Let $(E_i,\tau_i)$ be a topological vector space and $\mathcal N_{\tau_i}(x)$ denote the set of $\tau_i$-neighborhoods of $x\in E_i$.
I want to show that if $f:E_1\to E_2$ is $(\tau_1,\tau_2)$-continuous and $(E_1,\tau_1)$ is compact, then $f$ is uniformly $(\tau_1,\tau_2)$-continuous, i.e. $$\forall N\in\mathcal N_{\tau_2}(0):\exists M\in\mathcal N_{\tau_1}(0):\forall x,y\in E_1:x-y\in M\Rightarrow f(x)-f(y)\in N\tag1.$$
The idea for the proof is clear to me, but some steps need rigorous justification:
- Let $N\in\mathcal N_{\tau_2}(0)$.
- Since $f$ is $(\tau_1,\tau_2)$-continuous, $$\forall x\in E_1:\exists M_x\in\tau_1\cap\mathcal N_{\tau_1}(0):f(x+M_x)\subseteq f(x)+N\tag2.$$
- Since $(E_1,\tau_1)$ is compact and $\left(x+\frac{M_x}2\right)_{x\in E_1}$ is a $\tau_1$-open cover of $E_1$, there is a finite $F\subseteq E_1$ with $$\bigcup_{x\in F}\left(x+\frac{M_x}2\right)=E_1\tag3.$$
- Let $$M:=\frac12\bigcap_{x\in F}M_x$$ and $x,y\in E_1$ with $x-y\in M$.
If we could show that $$f(x)-f(y)\in N\tag4,$$ we would be done.
- By $(3)$, there is a $x_0\in F$ with $$x\in x_0+\frac{M_{x_0}}2\tag5.$$
- Now $x-y\in M\subseteq\frac{M_{x_0}}2$.
We somehow need to show that $$y=x-(x-y)\in M_{x_0}\tag6$$ and proceed from there. Can we do this?

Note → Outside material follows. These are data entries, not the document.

Lemma Aalpha_tr (R : nzRingType) (T : finType) (e : rel T) (alpha : R) :
  symmetric e -> (Aalpha e alpha)^T = Aalpha e alpha.
Proof.
move=> e_sym; apply/matrixP => i j; rewrite !mxE eq_sym e_sym.
by case: eqP => [->|].
Qed.

Lemma sum_Aalpha_qform_le_Sk (R : realType) (T : finType) (e : rel T) (alpha : R)
    (l : seq R) k (f : 'I_k -> T -> R) :
  symmetric e -> eigen_list (Aalpha e alpha) l ->
  (forall i j, dotv (f i) (f j) = (i == j)%:R) ->
  \sum_i Aalpha_qform e alpha (f i) <= Sk l k.
Proof.
move=> e_sym l_eig f_orth; rewrite -mxtrace_Aalpha_funmx.
apply: ky_fan l_eig _; first exact: Aalpha_tr.
by apply/matrixP => i j; rewrite funmx_gram f_orth mxE.
Qed.

(** * Bipartite graphs *)

Section Bipartite.
Variables (T : finType) (e : rel T) (X Y : {set T}).
Hypotheses (e_sym : symmetric e) (XY : bipartition e X Y).

Lemma bipartition_sym : bipartition e Y X.
Proof.
case: XY => XY0 XYT XYe; split; rewrite 1?setIC 1?setUC //.
by move=> x y /XYe []; [right | left].
Qed.

Lemma bipartition_notin v : (v \in Y) = (v \notin X).
Proof.
case: XY => XY0 XYT _; apply/idP/idP => [vY | vX].
  by apply/negP => vX; have := in_set0 v; rewrite -XY0 inE vX vY.
by have := in_setT v; rewrite -XYT inE (negbTE vX).
Qed.

Lemma bipartition_edge x y : e x y -> x \in X -> y \in Y.
Proof.
case: XY => XY0 _ XYe /XYe [[] // | [xY _] xX].
by have := in_set0 x; rewrite -XY0 inE xX xY.
Qed.

Lemma edges_bipartition E : E \in edges e ->
  exists x y, [/\ x \in X, y \in Y, e x y & E = [set x; y]].
Proof.
rewrite inE => /existsP[x /existsP[y /andP[exy /eqP->]]].
case: XY => _ _ /(_ x y exy) [[xX yY] | [xY yX]]; first by exists x, y.
by exists y, x; rewrite setUC e_sym.
Qed.

Lemma sum_degree_side : (\sum_(v in X) degree e v)%N = nedges e.
Proof.
pose S := [set p : T * T | (p.1 \in X) && e p.1 p.2].
have -> : (\sum_(v in X) degree e v)%N = #|S|.
  rewrite -sum1_card (eq_bigl (fun p : T * T => (p.1 \in X) && e p.1 p.2)).
    rewrite -(pair_big_dep (fun v => v \in X) e (fun _ _ => 1%N)) /=.
    apply: eq_bigr => v _; rewrite /degree -sum1_card.
    by apply: eq_bigl => w; rewrite inE.
  by move=> p; rewrite inE.
rewrite /nedges -(card_in_imset (f := fun p : T * T => [set p.1; p.2])).
  congr #|pred_of_set _|; apply/setP => E; apply/imsetP/idP.
    case=> -[x y]; rewrite inE /= => /andP[_ exy] ->.
    by rewrite inE; apply/existsP; exists x; apply/existsP; exists y; rewrite exy eqxx.
  case/edges_bipartition => x [y [xX _ exy ->]].
  by exists (x, y); rewrite // inE /= xX exy.
move=> [x y] [x' y']; rewrite !inE /= => /andP[xX exy] /andP[x'X ex'y'] E.
have yX : y \notin X by rewrite -bipartition_notin (bipartition_edge exy).
have y'X : y' \notin X by rewrite -bipartition_notin (bipartition_edge ex'y').
have : x \in [set x'; y'] by rewrite -E !inE eqxx.
have : y \in [set x'; y'] by rewrite -E !inE eqxx orbT.
rewrite !inE => /orP[/eqP yx' | /eqP ->]; first by move: yX; rewrite yx' x'X.
by case/orP => [/eqP -> | /eqP xy'] //; move: y'X; rewrite -xy' xX.
Qed.

End Bipartite.

Section TestVectors.
Variables (R : realFieldType) (T : finType) (e : rel T) (X Y : {set T}).
Hypotheses (e_sym : symmetric e) (e_irr : irreflexive e) (XY : bipartition e X Y).

Lemma sum_degree_sideC : (\sum_(v | v \notin X) degree e v)%N = nedges e.
Proof.
rewrite -(sum_degree_side e_sym (bipartition_sym XY)).
by apply: eq_bigl => v; rewrite (bipartition_notin XY).
Qed.

Definition sidevec (a b : R) (v : T) : R := if v \in X then a else b.

Definition edgevec (c d : R) (u v w : T) : R :=
  c * (w == u)%:R - d * (w == v)%:R.

Lemma dotv_sidevec a b :
  dotv (sidevec a b) (sidevec a b) = a ^+ 2 * #|X|%:R + b ^+ 2 * #|Y|%:R.
Proof.
rewrite /dotv (bigID (mem X)) /=; congr (_ + _).
  rewrite -sum1_card natr_sum mulr_sumr.
  by apply: eq_bigr => v /= vX; rewrite /sidevec vX mulr1 expr2.
rewrite -sum1_card natr_sum mulr_sumr.
apply: eq_big => v; first by rewrite (bipartition_notin XY).
by move=> vX; rewrite /sidevec (negbTE vX) mulr1 expr2.
Qed.

Lemma sum_degree_total : \sum_v (degree e v)%:R = 2 * (nedges e)%:R :> R.
Proof.
rewrite -natr_sum (bigID (mem X)) /= (sum_degree_side e_sym XY).
by rewrite sum_degree_sideC natrD mulr_natl mulr2n.
Qed.

Lemma sum_degree_sidevec a b :
  \sum_v (degree e v)%:R * sidevec a b v ^+ 2 = (a ^+ 2 + b ^+ 2) * (nedges e)%:R.
Proof.
rewrite (bigID (mem X)) /= mulrDl; congr (_ + _).
  rewrite -(sum_degree_side e_sym XY) natr_sum mulr_sumr.
  by apply: eq_bigr => v vX; rewrite /sidevec vX mulrC.
rewrite -sum_degree_sideC natr_sum mulr_sumr.
by apply: eq_bigr => v /negbTE vX; rewrite /sidevec vX mulrC.
Qed.

Lemma sum_adj_sidevec a b :
  \sum_v \sum_w (e v w)%:R * (sidevec a b v * sidevec a b w)
  = a * b * \sum_v (degree e v)%:R.
Proof.
rewrite mulr_sumr; apply: eq_bigr => v _; rewrite /degree -sum1_card natr_sum.
rewrite mulr_sumr [RHS]big_mkcond /=; apply: eq_bigr => w _; rewrite inE.
case evw: (e v w); rewrite /= ?mul0r // mul1r mulr1 /sidevec.
case: XY => _ _ /(_ v w evw) [[vX wY] | [vY wX]].
  by move: wY; rewrite (bipartition_notin XY) vX => /negbTE ->.
by move: vY; rewrite (bipartition_notin XY) wX mulrC => /negbTE ->.
Qed.

Lemma Aalpha_qform_sidevec alpha a b :
  Aalpha_qform e alpha (sidevec a b)
  = (alpha * (a ^+ 2 + b ^+ 2) + 2 * (1 - alpha) * (a * b)) * (nedges e)%:R.
Proof.
rewrite /Aalpha_qform sum_degree_sidevec sum_adj_sidevec sum_degree_total.
by rewrite [RHS]mulrDl (mulrA alpha); congr (_ + _); ring.
Qed.

Lemma dotv_edgevec c d u v g : dotv (edgevec c d u v) g = c * g u - d * g v.
Proof.
have dotv_delta z : \sum_w (w == z)%:R * g w = g z.
  rewrite (bigD1 z) //= eqxx mul1r big1 ?addr0 // => w /negbTE ->.
  by rewrite mul0r.
rewrite /dotv /edgevec; under eq_bigr => w _ do rewrite mulrBl -!mulrA.
by rewrite sumrB -!mulr_sumr !dotv_delta.
Qed.

Lemma edgevec_in c d u v : u != v ->
  edgevec c d u v u = c /\ edgevec c d u v v = - d.
Proof.
move=> /negbTE uv; rewrite /edgevec !eqxx uv eq_sym uv.
by split; rewrite ?mulr1 ?mulr0 ?subr0 ?sub0r.
Qed.

Lemma edgevec_out c d u v w : w \notin [set u; v] -> edgevec c d u v w = 0.
Proof.
rewrite /edgevec !inE negb_or => /andP[/negbTE -> /negbTE ->].
by rewrite !mulr0 subrr.
Qed.

Lemma Aalpha_qform_edgevec alpha c d u v : e u v ->
  Aalpha_qform e alpha (edgevec c d u v)
  = alpha * (c ^+ 2 * (degree e u)%:R + d ^+ 2 * (degree e v)%:R)
    - 2 * (1 - alpha) * (c * d).
Proof.
move=> euv; have uv : u != v by apply: contraTneq euv => ->; rewrite e_irr.
have [gu gv] := edgevec_in c d uv.
rewrite /Aalpha_qform.
have -> : \sum_w (degree e w)%:R * edgevec c d u v w ^+ 2
    = dotv (edgevec c d u v) (fun w => (degree e w)%:R * edgevec c d u v w).
  by apply: eq_bigr => w _; rewrite expr2 mulrCA.
have -> : \sum_w \sum_z (e w z)%:R * (edgevec c d u v w * edgevec c d u v z)
    = dotv (edgevec c d u v)
        (fun w => dotv (edgevec c d u v) (fun z => (e w z)%:R)).
  apply: eq_bigr => w _; rewrite /dotv mulr_sumr.
  by apply: eq_bigr => z _; rewrite [LHS]mulrC -mulrA.
by rewrite !dotv_edgevec gu gv !e_irr (e_sym v u) euv /= mulr1n mulr0n; ring.
Qed.

Lemma Aalpha_qform_edgevec_ge alpha c d u v : 0 <= alpha -> e u v ->
  alpha * (c ^+ 2 + d ^+ 2) - 2 * (1 - alpha) * (c * d)
  <= Aalpha_qform e alpha (edgevec c d u v).
Proof.
move=> alpha0 euv; rewrite Aalpha_qform_edgevec // lerD2r ler_wpM2l //.
have deg_ge1 w z : e w z -> 1 <= (degree e w)%:R :> R.
  by move=> ewz; rewrite ler1n; apply/card_gt0P; exists z; rewrite inE.
apply: lerD; rewrite -[X in X <= _]mulr1 ler_wpM2l ?sqr_ge0 //.
  exact: deg_ge1 euv.
by apply: (deg_ge1 _ u); rewrite e_sym.
Qed.

Section Family.
Variables (a b c d : R) (k : nat) (u v : 'I_k -> T).

Definition testvec (i : 'I_k.+1) : T -> R :=
  if unlift ord0 i is Some p then edgevec c d (u p) (v p) else sidevec a b.

Hypotheses (side_unit : a ^+ 2 * #|X|%:R + b ^+ 2 * #|Y|%:R = 1)
  (side_edge_orth : a * c = b * d) (edge_unit : c ^+ 2 + d ^+ 2 = 1).
Hypotheses (uX : forall p, u p \in X) (vY : forall p, v p \in Y)
  (euv : forall p, e (u p) (v p))
  (uv_disj : forall p p', p != p' -> [disjoint [set u p; v p] & [set u p'; v p']]).

Lemma dotv_testvec i j : dotv (testvec i) (testvec j) = (i == j)%:R.
Proof.
have uv p : u p != v p by apply: contraTneq (euv p) => ->; rewrite e_irr.
have vX p : v p \notin X by rewrite -(bipartition_notin XY).
have side_at_edge p : dotv (sidevec a b) (edgevec c d (u p) (v p)) = 0.
  rewrite dotvC dotv_edgevec /sidevec uX (negbTE (vX p)).
  by rewrite [c * _]mulrC [d * _]mulrC side_edge_orth subrr.
rewrite /testvec.
case: (unliftP ord0 i) => [p ->|->]; case: (unliftP ord0 j) => [p' ->|->].
- rewrite dotv_edgevec (inj_eq lift_inj); have [<-|pp'] := eqVneq p p'.
    by have [-> ->] := edgevec_in c d (uv p); rewrite mulrN opprK -!expr2.
  have /disjointFr out := uv_disj pp'.
  have up : u p \notin [set u p'; v p'] by rewrite out // !inE eqxx.
  have vp : v p \notin [set u p'; v p'] by rewrite out // !inE eqxx orbT.
  by rewrite !edgevec_out // !mulr0 subrr.
- by rewrite dotvC side_at_edge eq_sym (negbTE (neq_lift _ _)).
- by rewrite side_at_edge (negbTE (neq_lift _ _)).
- by rewrite dotv_sidevec side_unit eqxx.
Qed.

Lemma sum_Aalpha_qform_testvec_ge alpha : 0 <= alpha ->
  (alpha * (a ^+ 2 + b ^+ 2) + 2 * (1 - alpha) * (a * b)) * (nedges e)%:R
    + k%:R * (alpha - 2 * (1 - alpha) * (c * d))
  <= \sum_i Aalpha_qform e alpha (testvec i).
Proof.
move=> alpha0; rewrite big_ord_recl /testvec unlift_none Aalpha_qform_sidevec.
rewrite lerD2l mulr_natl -[k in _ *+ k]card_ord -sumr_const; apply: ler_sum => p _.
rewrite liftK; apply: le_trans (Aalpha_qform_edgevec_ge c d alpha0 (euv p)).
by rewrite edge_unit mulr1.
Qed.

In my answer, I will replace $E_{1}$ by a compact subset $K \subseteq E_{1}$ since the uniform continuity you want holds when you restrict $f$ to any compact subset.
To start with, it's not clear that $M_{x_{0}}$ is convex so there seems to be no guarantee that $\frac{1}{2} M_{x_{0}} + \frac{1}{2} M_{x_{0}} \subseteq M_{x_{0}}$. A way around this is since a TVS is an Abelian topological group, each neighborhood $U$ of $0$ has a subneighborhood $V \subseteq U$ satisfying \begin{equation*} 0 \in V, \quad V = -V, \quad V + V \subseteq U. \end{equation*} (See here. Munkres's Topology also has a nice section on these groups where this property is covered.)
Thus, above, given the neighborhood $M_{x}$ of the origin associated with $x$, I would have defined a corresponding neighborhood $V_{x} \subseteq M_{x}$ as above (to replace $\frac{1}{2}M_{x}$), and then defined $V$ (in place of $M$) by \begin{equation*} V = \bigcap_{x \in F} V_{x} \end{equation*} with $F$ a finite subset of $K$ satisfying $K \subseteq \cup_{x \in F} (x +V_{x})$.
Now $x \in x_{0} + V_{x_{0}}$ and $y - x \in V_{x_{0}}$ implies $y, x \in x_{0} + M_{x_{0}}$. Therefore, $f(x), f(y) \in f(x_{0}) + N$. You wanted $f(x) - f(y) \in N$, which is not quite what we just proved. To get what you want, again, choose a symmetric neighborhood $\tilde{N}$ of the origin in $E_{2}$ so that $\tilde{N} + \tilde{N} \subseteq N$. If $f(x), f(y) \in f(x_{0}) + \tilde{N}$, then \begin{equation*} f(x) - f(y) \in (f(x_{0}) + \tilde{N}) - (f(x_{0}) - \tilde{N}) \subseteq N. \end{equation*} In other words, instead of choosing $M_{x_{0}}$ so that $f(x_{0} + M_{x_{0}}) \subseteq f(x_{0}) + N$, fix $\tilde{N}$ after choosing $N$ and then choose $M_{x_{0}}$ so that $f(x_{0} + M_{x_{0}}) \subseteq f(x_{0}) + \tilde{N}$.
Again, to the best of my knowledge, this kind of "restrict to a smaller, symmetric neighborhood whose double is contained in the original one" is a standard trick for working in Abelian topological groups.